╔══

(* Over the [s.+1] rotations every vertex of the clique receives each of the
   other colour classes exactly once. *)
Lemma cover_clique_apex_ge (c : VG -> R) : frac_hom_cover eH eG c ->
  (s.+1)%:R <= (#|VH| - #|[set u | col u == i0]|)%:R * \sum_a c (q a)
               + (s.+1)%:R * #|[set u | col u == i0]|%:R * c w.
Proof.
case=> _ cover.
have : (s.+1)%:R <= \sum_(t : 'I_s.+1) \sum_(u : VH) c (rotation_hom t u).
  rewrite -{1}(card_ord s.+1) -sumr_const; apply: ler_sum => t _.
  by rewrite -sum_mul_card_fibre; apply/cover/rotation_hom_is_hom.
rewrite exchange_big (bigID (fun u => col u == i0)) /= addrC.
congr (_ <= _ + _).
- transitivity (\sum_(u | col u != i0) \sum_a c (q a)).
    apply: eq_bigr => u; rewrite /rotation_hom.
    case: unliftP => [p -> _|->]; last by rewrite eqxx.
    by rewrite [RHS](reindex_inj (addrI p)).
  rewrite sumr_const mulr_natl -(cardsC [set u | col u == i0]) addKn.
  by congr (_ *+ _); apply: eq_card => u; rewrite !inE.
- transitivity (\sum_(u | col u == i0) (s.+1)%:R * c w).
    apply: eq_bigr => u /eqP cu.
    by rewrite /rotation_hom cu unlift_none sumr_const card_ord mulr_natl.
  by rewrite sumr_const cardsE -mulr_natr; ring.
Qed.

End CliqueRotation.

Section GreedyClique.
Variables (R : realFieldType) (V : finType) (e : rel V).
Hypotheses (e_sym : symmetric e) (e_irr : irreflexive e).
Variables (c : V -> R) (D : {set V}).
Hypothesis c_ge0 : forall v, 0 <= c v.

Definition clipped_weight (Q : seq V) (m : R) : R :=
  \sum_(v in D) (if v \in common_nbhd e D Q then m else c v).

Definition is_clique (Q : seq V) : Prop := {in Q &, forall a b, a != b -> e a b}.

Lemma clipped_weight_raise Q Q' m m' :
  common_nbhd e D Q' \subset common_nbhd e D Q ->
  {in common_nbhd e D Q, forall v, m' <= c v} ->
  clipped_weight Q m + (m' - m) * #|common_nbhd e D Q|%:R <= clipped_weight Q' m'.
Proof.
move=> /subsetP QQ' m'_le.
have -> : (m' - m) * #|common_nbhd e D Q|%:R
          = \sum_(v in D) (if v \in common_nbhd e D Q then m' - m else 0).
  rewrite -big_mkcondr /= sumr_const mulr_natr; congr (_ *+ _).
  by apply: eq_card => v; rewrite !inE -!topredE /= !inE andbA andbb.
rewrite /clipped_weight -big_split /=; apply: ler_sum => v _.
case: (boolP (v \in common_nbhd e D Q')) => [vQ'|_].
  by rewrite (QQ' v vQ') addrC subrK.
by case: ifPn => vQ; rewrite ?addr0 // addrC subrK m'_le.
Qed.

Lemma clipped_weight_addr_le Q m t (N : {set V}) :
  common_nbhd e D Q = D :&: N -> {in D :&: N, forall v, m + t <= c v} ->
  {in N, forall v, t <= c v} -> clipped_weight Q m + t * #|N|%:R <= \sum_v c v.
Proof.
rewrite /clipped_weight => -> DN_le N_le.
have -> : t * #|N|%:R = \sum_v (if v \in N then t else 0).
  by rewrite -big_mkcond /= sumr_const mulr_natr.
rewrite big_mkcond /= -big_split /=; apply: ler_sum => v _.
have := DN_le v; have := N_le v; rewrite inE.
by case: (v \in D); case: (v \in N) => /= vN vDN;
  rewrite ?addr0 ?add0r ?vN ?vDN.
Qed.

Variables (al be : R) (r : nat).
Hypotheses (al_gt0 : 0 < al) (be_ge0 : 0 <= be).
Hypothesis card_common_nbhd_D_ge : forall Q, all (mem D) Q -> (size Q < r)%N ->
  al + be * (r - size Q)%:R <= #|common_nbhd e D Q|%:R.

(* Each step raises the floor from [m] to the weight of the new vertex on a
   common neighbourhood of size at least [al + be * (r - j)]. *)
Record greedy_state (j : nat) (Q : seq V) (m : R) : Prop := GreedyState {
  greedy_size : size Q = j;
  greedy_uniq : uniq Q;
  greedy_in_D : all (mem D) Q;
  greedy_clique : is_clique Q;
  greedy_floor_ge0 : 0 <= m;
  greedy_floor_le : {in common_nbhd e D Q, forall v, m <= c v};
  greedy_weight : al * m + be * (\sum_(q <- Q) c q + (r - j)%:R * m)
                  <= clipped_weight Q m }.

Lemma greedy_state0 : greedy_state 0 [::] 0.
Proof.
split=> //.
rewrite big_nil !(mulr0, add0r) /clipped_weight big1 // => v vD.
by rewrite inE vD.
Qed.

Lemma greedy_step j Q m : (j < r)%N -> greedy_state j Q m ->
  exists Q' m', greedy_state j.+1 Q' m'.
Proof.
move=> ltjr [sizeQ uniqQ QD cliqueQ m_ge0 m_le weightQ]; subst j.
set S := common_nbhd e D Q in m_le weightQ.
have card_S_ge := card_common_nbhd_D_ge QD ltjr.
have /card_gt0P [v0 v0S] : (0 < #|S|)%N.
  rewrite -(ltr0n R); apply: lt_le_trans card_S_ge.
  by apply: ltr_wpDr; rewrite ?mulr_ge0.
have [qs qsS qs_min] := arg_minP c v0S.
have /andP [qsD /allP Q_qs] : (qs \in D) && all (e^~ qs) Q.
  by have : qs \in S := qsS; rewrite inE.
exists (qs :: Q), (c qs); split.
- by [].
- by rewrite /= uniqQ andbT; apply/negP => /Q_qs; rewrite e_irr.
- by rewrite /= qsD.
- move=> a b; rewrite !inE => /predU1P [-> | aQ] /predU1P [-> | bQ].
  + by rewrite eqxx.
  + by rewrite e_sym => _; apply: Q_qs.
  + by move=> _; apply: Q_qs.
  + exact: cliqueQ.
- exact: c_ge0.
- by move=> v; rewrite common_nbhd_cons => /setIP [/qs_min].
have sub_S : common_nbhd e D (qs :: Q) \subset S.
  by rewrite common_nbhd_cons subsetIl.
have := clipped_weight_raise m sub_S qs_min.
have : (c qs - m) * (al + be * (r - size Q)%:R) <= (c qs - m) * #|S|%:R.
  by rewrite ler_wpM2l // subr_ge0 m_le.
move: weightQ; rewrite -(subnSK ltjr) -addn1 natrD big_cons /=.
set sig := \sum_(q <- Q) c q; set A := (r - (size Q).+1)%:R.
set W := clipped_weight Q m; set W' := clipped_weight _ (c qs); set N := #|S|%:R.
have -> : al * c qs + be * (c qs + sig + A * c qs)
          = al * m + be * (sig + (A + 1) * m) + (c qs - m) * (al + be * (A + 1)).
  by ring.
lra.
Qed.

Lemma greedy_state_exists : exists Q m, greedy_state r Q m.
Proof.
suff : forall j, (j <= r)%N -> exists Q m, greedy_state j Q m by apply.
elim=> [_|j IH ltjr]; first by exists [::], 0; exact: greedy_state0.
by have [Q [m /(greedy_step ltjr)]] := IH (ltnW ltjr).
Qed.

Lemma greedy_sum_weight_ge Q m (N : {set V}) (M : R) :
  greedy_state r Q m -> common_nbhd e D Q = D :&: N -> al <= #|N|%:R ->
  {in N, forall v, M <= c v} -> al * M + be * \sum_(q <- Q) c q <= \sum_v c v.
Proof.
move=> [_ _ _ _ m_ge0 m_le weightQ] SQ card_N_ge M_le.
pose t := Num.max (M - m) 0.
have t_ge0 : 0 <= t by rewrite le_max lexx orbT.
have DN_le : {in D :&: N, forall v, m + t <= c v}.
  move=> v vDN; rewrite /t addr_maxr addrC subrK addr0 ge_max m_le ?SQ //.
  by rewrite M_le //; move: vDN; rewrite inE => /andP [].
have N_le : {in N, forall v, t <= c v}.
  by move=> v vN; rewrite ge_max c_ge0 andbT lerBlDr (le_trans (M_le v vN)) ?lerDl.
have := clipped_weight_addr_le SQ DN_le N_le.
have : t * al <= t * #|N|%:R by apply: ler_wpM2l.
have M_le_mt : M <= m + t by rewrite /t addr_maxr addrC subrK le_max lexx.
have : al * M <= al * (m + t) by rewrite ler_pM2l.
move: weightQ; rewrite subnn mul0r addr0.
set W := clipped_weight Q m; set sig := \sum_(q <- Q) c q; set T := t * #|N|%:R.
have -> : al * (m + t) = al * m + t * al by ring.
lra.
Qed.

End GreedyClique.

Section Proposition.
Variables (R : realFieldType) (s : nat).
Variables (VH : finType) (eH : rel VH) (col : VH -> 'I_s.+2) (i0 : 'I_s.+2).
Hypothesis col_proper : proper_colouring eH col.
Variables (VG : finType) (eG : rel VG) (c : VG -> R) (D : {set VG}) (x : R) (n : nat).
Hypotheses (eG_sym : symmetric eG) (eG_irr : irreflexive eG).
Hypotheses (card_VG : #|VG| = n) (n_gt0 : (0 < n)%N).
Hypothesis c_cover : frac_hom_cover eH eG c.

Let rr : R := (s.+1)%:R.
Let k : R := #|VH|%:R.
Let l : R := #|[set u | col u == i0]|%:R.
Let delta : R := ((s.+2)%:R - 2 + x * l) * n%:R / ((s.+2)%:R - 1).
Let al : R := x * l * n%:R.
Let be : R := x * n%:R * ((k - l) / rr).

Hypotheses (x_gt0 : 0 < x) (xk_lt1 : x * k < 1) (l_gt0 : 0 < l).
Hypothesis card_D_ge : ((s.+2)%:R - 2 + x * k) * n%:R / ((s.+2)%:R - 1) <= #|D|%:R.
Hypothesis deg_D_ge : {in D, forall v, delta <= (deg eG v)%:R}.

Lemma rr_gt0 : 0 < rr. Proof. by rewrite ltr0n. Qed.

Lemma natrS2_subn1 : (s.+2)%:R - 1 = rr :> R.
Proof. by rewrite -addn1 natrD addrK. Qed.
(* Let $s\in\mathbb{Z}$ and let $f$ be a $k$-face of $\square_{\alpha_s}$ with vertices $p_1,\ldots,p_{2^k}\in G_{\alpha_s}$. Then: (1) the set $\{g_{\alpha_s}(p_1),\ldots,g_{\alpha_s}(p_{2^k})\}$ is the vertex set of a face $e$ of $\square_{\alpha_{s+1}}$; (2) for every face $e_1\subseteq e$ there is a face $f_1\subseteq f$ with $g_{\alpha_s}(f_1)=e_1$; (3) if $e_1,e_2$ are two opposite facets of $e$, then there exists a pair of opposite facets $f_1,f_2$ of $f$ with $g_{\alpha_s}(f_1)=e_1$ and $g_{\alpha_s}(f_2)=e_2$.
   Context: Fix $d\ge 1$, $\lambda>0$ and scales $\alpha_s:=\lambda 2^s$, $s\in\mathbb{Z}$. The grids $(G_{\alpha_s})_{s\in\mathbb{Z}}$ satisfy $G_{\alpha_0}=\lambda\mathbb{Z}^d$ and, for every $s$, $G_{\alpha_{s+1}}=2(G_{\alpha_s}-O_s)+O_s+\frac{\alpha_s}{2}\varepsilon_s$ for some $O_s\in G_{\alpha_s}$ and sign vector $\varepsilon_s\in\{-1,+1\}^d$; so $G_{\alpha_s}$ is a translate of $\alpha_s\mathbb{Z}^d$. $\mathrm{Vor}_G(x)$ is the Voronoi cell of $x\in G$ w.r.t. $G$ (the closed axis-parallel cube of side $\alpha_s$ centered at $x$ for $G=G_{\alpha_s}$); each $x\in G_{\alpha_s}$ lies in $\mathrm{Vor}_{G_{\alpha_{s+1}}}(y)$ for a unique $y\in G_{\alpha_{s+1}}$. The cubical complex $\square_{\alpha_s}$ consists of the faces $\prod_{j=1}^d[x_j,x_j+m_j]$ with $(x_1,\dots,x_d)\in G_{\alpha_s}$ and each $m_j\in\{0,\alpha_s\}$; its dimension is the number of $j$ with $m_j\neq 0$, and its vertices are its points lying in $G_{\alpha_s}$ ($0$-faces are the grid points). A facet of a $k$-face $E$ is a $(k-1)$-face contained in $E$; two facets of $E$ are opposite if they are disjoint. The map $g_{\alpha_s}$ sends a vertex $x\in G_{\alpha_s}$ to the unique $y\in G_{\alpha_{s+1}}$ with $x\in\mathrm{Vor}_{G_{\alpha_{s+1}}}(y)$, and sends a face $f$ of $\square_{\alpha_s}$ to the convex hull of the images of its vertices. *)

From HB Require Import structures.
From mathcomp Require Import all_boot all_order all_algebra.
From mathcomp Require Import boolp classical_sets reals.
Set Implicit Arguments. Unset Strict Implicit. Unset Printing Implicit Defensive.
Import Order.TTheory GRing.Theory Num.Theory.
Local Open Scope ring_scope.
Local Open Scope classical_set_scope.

╚══

### WORK REQUEST
When you answer, output each line of the data exactly as given, from its first line up to and including the one with "(s.+1)%:R <= (#|VH|".

### RESULT OF THE TASK
(* Over the [s.+1] rotations every vertex of the clique receives each of the
   other colour classes exactly once. *)
Lemma cover_clique_apex_ge (c : VG -> R) : frac_hom_cover eH eG c ->
  (s.+1)%:R <= (#|VH| - #|[set u | col u == i0]|)%:R * \sum_a c (q a)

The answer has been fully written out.